## Exercise prompt
Among the entries below, please repeat exactly and only the lines from the line containing "exists p => i j le_ij." to the line containing "by case: ifP; rewrite ?mulrNN mulr1.", both lines included.

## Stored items

BEGIN

(* Both parts rest on the common SVD of X and Y. For (1), [Y x = U diag(σ(Y)) V^T x]
   and U is an isometry, so [σ_k(Y) <V_k, x>] is a coordinate of a vector of norm
   [||Y x||]. For (2), the subgradient inequality at [Z = 0] gives
   [f_σ(X) - f_σ(0) <= <Y, X> = Σ_k σ_k(Y) σ_k(X)], and X = w x^T - w̄ x̄^T has rank at
   most 2, so only the first two singular values of X can be nonzero. *)

Lemma insub_ord n k (lt_kn : (k < n)%N) : insub k = Some (Ordinal lt_kn) :> option 'I_n.
Proof. by rewrite insubT. Qed.

Lemma insub_ord_ge n k : (n <= k)%N -> insub k = None :> option 'I_n.
Proof. by move=> le_nk; rewrite insubF // ltnNge le_nk. Qed.

Section ExtendPerm.
Variables (d n : nat) (le_dn : (d <= n)%N).

Definition extend_perm_fun (p : 'S_d) (i : 'I_n) : 'I_n :=
  if insub (val i) is Some k then widen_ord le_dn (p k) else i.

Lemma extend_perm_fun_lt p (i : 'I_n) (lt_id : (i < d)%N) :
  val (extend_perm_fun p i) = val (p (Ordinal lt_id)).
Proof. by rewrite /extend_perm_fun insub_ord. Qed.

Lemma extend_perm_fun_ge p (i : 'I_n) : (d <= i)%N -> extend_perm_fun p i = i.
Proof. by move=> le_di; rewrite /extend_perm_fun insub_ord_ge. Qed.

Lemma extend_perm_fun_ltE p (i : 'I_n) : (extend_perm_fun p i < d)%N = (i < d)%N.
Proof.
case: (ltnP i d) => [lt_id|le_di]; first by rewrite extend_perm_fun_lt ltn_ord.
by rewrite extend_perm_fun_ge // ltnNge le_di.
Qed.

Lemma extend_perm_fun_inj p : injective (extend_perm_fun p).
Proof.
move=> i j eq_ij; have := extend_perm_fun_ltE p i; rewrite eq_ij extend_perm_fun_ltE.
case: (ltnP i d) => [lt_id|le_di].
  case: (ltnP j d) => // lt_jd _; move: eq_ij => /(congr1 val).
  rewrite !extend_perm_fun_lt => /val_inj/perm_inj.
  by move/(congr1 val) => /= /val_inj.
case: (ltnP j d) => // le_dj _.
by move: eq_ij; rewrite !extend_perm_fun_ge.
Qed.

Definition extend_perm p : 'S_n := perm (@extend_perm_fun_inj p).

End ExtendPerm.

Section SVD.
Variable R : rcfType.

Lemma orthogonal_mxM n (A B : 'M[R]_n) :
  orthogonal_mx A -> orthogonal_mx B -> orthogonal_mx (A *m B).
Proof. by move=> oA oB; rewrite /orthogonal_mx trmx_mul -mulmxA (mulmxA A^T) oA mul1mx. Qed.

Lemma orthogonal_perm_mx n (p : 'S_n) : orthogonal_mx (perm_mx (R:=R) p).
Proof. by rewrite /orthogonal_mx tr_perm_mx -perm_mxM mulVg perm_mx1. Qed.

Lemma orthogonal_diag_mx n (c : 'rV[R]_n) :
  (forall i, c 0 i * c 0 i = 1) -> orthogonal_mx (diag_mx c).
Proof.
move=> c2; rewrite /orthogonal_mx tr_diag_mx mul_diag_mx.
by apply/matrixP => i j; rewrite !mxE; case: eqP => [->|_]; rewrite ?mulr1n ?mulr0n ?mulr0.
Qed.

Lemma diagmx_ord d1 d2 (a : 'rV[R]_(minn d1 d2)) (k : 'I_(minn d1 d2))
    (i : 'I_d1) (j : 'I_d2) :
  val i = val k -> val j = val k -> diagmx a i j = a 0 k.
Proof. by move=> ik jk; rewrite mxE ik jk eqxx valK. Qed.

Lemma diagmx_neq d1 d2 (a : 'rV[R]_(minn d1 d2)) (i : 'I_d1) (j : 'I_d2) :
  val i != val j -> diagmx a i j = 0.
Proof. by rewrite mxE => /negbTE ->. Qed.

Lemma diagmx_ge d1 d2 (a : 'rV[R]_(minn d1 d2)) (i : 'I_d1) (j : 'I_d2) :
  (minn d1 d2 <= i)%N -> diagmx a i j = 0.
Proof. by move=> le_mi; rewrite mxE insub_ord_ge //= !if_same. Qed.

Lemma diagmx_perm d1 d2 (a : 'rV[R]_(minn d1 d2)) (p : 'S_(minn d1 d2)) :
  diagmx (\row_k a 0 (p k)) =
  row_perm (extend_perm (geq_minl d1 d2) p)
    (col_perm (extend_perm (geq_minr d1 d2) p) (diagmx a)).
Proof.
apply/matrixP => i j; rewrite [RHS]mxE [in RHS]mxE !permE.
case: (ltnP i (minn d1 d2)) => [lt_im|le_mi]; last first.
  by rewrite !diagmx_ge ?extend_perm_fun_ge.
have [ij|ij] := eqVneq (val i) (val j).
  have lt_jm : (j < minn d1 d2)%N by rewrite -ij.
  rewrite (diagmx_ord _ (k := Ordinal lt_im)) // (diagmx_ord _ (k := p (Ordinal lt_im))).
  - by rewrite mxE.
  - exact: extend_perm_fun_lt.
  - by rewrite (extend_perm_fun_lt _ _ lt_jm); congr (val (p _)); apply: val_inj.
rewrite !diagmx_neq //; apply: contra ij.
case: (ltnP j (minn d1 d2)) => [lt_jm|le_mj].
  rewrite extend_perm_fun_lt (extend_perm_fun_lt _ _ lt_jm).
  by move=> /eqP/val_inj/perm_inj/(congr1 val) /= ->.
rewrite extend_perm_fun_lt (extend_perm_fun_ge _ _ le_mj) => /eqP ij'.
by move: (ltn_ord (p (Ordinal lt_im))); rewrite ij' ltnNge le_mj.
Qed.

Lemma exists_sort_perm n (a : 'rV[R]_n) :
  exists p : 'S_n, forall i j : 'I_n, (i <= j)%N -> a 0 (p j) <= a 0 (p i).
Proof.
set t := [tuple a 0 k | k < n].
have [p sorted_t] := tuple_permP (permEl (perm_sort >=%R t)).
exists p => i j le_ij.
have tr_ge : transitive (>=%R : rel R) by move=> x y z xy yz; exact: le_trans yz xy.
have sorted_ge : sorted >=%R (sort >=%R t) by apply: sort_sorted => x y; exact: le_total.
have := sorted_leq_nth tr_ge (@lexx _ R) 0 sorted_ge.
rewrite size_sort size_tuple => /(_ i j (ltn_ord i) (ltn_ord j) le_ij).
rewrite sorted_t /= !(nth_map i) -?enumT ?size_enum_ord //.
by rewrite !nth_ord_enum !tnth_mktuple.
Qed.

Lemma diagmx_sign_abs d1 d2 (s : 'rV[R]_(minn d1 d2)) :
  exists2 c : 'rV[R]_d1, (forall i, c 0 i * c 0 i = 1) &
    diagmx s = diag_mx c *m diagmx (\row_k `|s 0 k|).
Proof.
pose sgn (i : 'I_d1) : R :=
  if insub (val i) is Some k then (if s 0 k < 0 then -1 else 1) else 1.
exists (\row_i sgn i) => [i|].
  rewrite mxE /sgn; case: insub => [k|]; rewrite ?mulr1 //.
  by case: ifP; rewrite ?mulrNN mulr1.
rewrite mul_diag_mx; apply/matrixP => i j; rewrite !mxE /sgn.
case: (ltnP i (minn d1 d2)) => [lt_im|le_mi]; last by rewrite insub_ord_ge //= !if_same mulr0.
rewrite insub_ord /= mxE; case: eqP => _; rewrite ?mulr0 //.
case: ltrP => [s_lt0|s_ge0]; first by rewrite ltr0_norm // mulN1r opprK.
by rewrite ger0_norm // mul1r.
Qed.

Lemma diagmx_sortE d1 d2 (a : 'rV[R]_(minn d1 d2)) (p : 'S_(minn d1 d2)) :
  diagmx a = perm_mx (extend_perm (geq_minl d1 d2) p)^-1 *m diagmx (\row_k a 0 (p k))
               *m perm_mx (extend_perm (geq_minr d1 d2) p).
Proof.
rewrite diagmx_perm row_permE col_permE !mulmxA -perm_mxM mulVg perm_mx1 mul1mx.
by rewrite -mulmxA -perm_mxM mulVg perm_mx1 mulmx1.
Qed.

(* [sigma] is a choice, so its properties are only available once some valid
   singular value vector is exhibited: signs go into U and sorting into permutations. *)
Lemma is_svals_exists d1 d2 (U : 'M[R]_d1) (V : 'M[R]_d2) (s : 'rV[R]_(minn d1 d2)) :
  orthogonal_mx U -> orthogonal_mx V -> exists t, is_svals (U *m diagmx s *m V^T) t.
Proof.
move=> oU oV; have [c c2 ->] := diagmx_sign_abs s.
set a := \row_k `|s 0 k|; have [p sorted_p] := exists_sort_perm a.
rewrite (diagmx_sortE a p); exists (\row_k a 0 (p k)); split.
  split=> [i|i j le_ij]; rewrite !mxE ?normr_ge0 //.
  by have := sorted_p i j le_ij; rewrite !mxE.
set q1 := extend_perm _ p; set q2 := extend_perm _ p.
exists (U *m diag_mx c *m perm_mx q1^-1), (V *m perm_mx q2^-1); split; [|split].
- apply: orthogonal_mxM; last exact: orthogonal_perm_mx.
  by apply: orthogonal_mxM => //; exact: orthogonal_diag_mx.
- by apply: orthogonal_mxM => //; exact: orthogonal_perm_mx.
by rewrite trmx_mul tr_perm_mx invgK !mulmxA.
Qed.

Lemma sigma_nonneg_nonincr d1 d2 (X : 'M[R]_(d1, d2)) U V (s : 'rV[R]_(minn d1 d2)) :
  orthogonal_mx U -> orthogonal_mx V -> X = U *m diagmx s *m V^T ->
  nonneg_nonincr (sigma X).
Proof.
move=> oU oV ->; rewrite /sigma.
by case: (epsilon_spec (inhabits 0) _ (is_svals_exists s oU oV)).
Qed.

Lemma frobE d1 d2 (A B : 'M[R]_(d1, d2)) : frob A B = \tr (A^T *m B).
Proof.
rewrite /frob /mxtrace exchange_big; apply: eq_bigr => j _; rewrite mxE.
by apply: eq_bigr => i _; rewrite mxE.
Qed.

Lemma frobN d1 d2 (A B : 'M[R]_(d1, d2)) : frob A (- B) = - frob A B.
Proof. by rewrite !frobE mulmxN linearN. Qed.

Lemma frob_orthogonal d1 d2 (U : 'M[R]_d1) (V : 'M[R]_d2) (A B : 'M[R]_(d1, d2)) :
  orthogonal_mx U -> orthogonal_mx V ->
  frob (U *m A *m V^T) (U *m B *m V^T) = frob A B.
Proof.
move=> oU oV; rewrite !frobE !trmx_mul trmxK -!mulmxA (mulmxA U^T) oU mul1mx.
by rewrite mxtrace_mulC -!mulmxA oV mulmx1.
Qed.

Lemma frob_diagmx d1 d2 (a b : 'rV[R]_(minn d1 d2)) :
  frob (diagmx a) (diagmx b) = \sum_(k < minn d1 d2) a 0 k * b 0 k.
Proof.
pose F k := if insub k is Some k' then a 0 k' * b 0 k' else 0 : R.
have -> : \sum_(k < minn d1 d2) a 0 k * b 0 k = \sum_(k < minn d1 d2) F k.
  by apply: eq_bigr => k _; rewrite /F valK.
rewrite (big_ord_widen d1 F (geq_minl d1 d2)) big_mkcond /frob; apply: eq_bigr => i _.
case: ltnP => [lt_im|le_mi]; last by rewrite big1 // => j _; rewrite diagmx_ge ?mul0r.
have lt_i2 : (i < d2)%N := leq_trans lt_im (geq_minr d1 d2).
rewrite (bigD1 (Ordinal lt_i2)) //= big1 ?addr0 => [|j ne_ji].
  by rewrite /F insub_ord !(diagmx_ord _ (k := Ordinal lt_im)).
by rewrite diagmx_neq ?mul0r //; apply: contra ne_ji => /eqP ij; apply/eqP/val_inj.
Qed.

END

## Answer
exists p => i j le_ij.
have tr_ge : transitive (>=%R : rel R) by move=> x y z xy yz; exact: le_trans yz xy.
have sorted_ge : sorted >=%R (sort >=%R t) by apply: sort_sorted => x y; exact: le_total.
have := sorted_leq_nth tr_ge (@lexx _ R) 0 sorted_ge.
rewrite size_sort size_tuple => /(_ i j (ltn_ord i) (ltn_ord j) le_ij).
rewrite sorted_t /= !(nth_map i) -?enumT ?size_enum_ord //.
by rewrite !nth_ord_enum !tnth_mktuple.
Qed.

Lemma diagmx_sign_abs d1 d2 (s : 'rV[R]_(minn d1 d2)) :
  exists2 c : 'rV[R]_d1, (forall i, c 0 i * c 0 i = 1) &
    diagmx s = diag_mx c *m diagmx (\row_k `|s 0 k|).
Proof.
pose sgn (i : 'I_d1) : R :=
  if insub (val i) is Some k then (if s 0 k < 0 then -1 else 1) else 1.
exists (\row_i sgn i) => [i|].
  rewrite mxE /sgn; case: insub => [k|]; rewrite ?mulr1 //.
  by case: ifP; rewrite ?mulrNN mulr1.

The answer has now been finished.